> _Your task_
Output the lines below exactly, please, from the first line until the line with "pose proof (horo_path_height_pos (S n)).", counting both.

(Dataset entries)

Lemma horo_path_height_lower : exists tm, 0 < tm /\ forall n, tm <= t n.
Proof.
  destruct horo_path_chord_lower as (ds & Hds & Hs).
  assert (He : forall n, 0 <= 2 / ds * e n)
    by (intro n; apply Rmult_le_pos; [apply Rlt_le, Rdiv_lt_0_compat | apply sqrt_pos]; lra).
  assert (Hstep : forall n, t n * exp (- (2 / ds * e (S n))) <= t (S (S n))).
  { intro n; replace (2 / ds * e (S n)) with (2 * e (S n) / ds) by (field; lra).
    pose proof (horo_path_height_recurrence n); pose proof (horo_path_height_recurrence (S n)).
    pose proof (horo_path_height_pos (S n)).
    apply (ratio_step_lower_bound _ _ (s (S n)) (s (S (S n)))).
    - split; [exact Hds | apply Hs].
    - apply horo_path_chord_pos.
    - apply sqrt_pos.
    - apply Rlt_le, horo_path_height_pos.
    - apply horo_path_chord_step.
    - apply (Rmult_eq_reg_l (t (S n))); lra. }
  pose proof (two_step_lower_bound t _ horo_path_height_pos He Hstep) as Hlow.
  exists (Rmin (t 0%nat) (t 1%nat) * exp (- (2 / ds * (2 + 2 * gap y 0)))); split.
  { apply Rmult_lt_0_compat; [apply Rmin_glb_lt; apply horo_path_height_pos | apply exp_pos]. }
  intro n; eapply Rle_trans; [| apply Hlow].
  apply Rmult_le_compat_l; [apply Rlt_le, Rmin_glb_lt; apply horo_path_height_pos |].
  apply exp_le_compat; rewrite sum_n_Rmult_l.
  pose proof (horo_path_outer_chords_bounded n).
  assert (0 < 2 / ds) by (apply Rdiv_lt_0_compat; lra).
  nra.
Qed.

> _Task response_
Lemma horo_path_height_lower : exists tm, 0 < tm /\ forall n, tm <= t n.
Proof.
  destruct horo_path_chord_lower as (ds & Hds & Hs).
  assert (He : forall n, 0 <= 2 / ds * e n)
    by (intro n; apply Rmult_le_pos; [apply Rlt_le, Rdiv_lt_0_compat | apply sqrt_pos]; lra).
  assert (Hstep : forall n, t n * exp (- (2 / ds * e (S n))) <= t (S (S n))).
  { intro n; replace (2 / ds * e (S n)) with (2 * e (S n) / ds) by (field; lra).
    pose proof (horo_path_height_recurrence n); pose proof (horo_path_height_recurrence (S n)).
    pose proof (horo_path_height_pos (S n)).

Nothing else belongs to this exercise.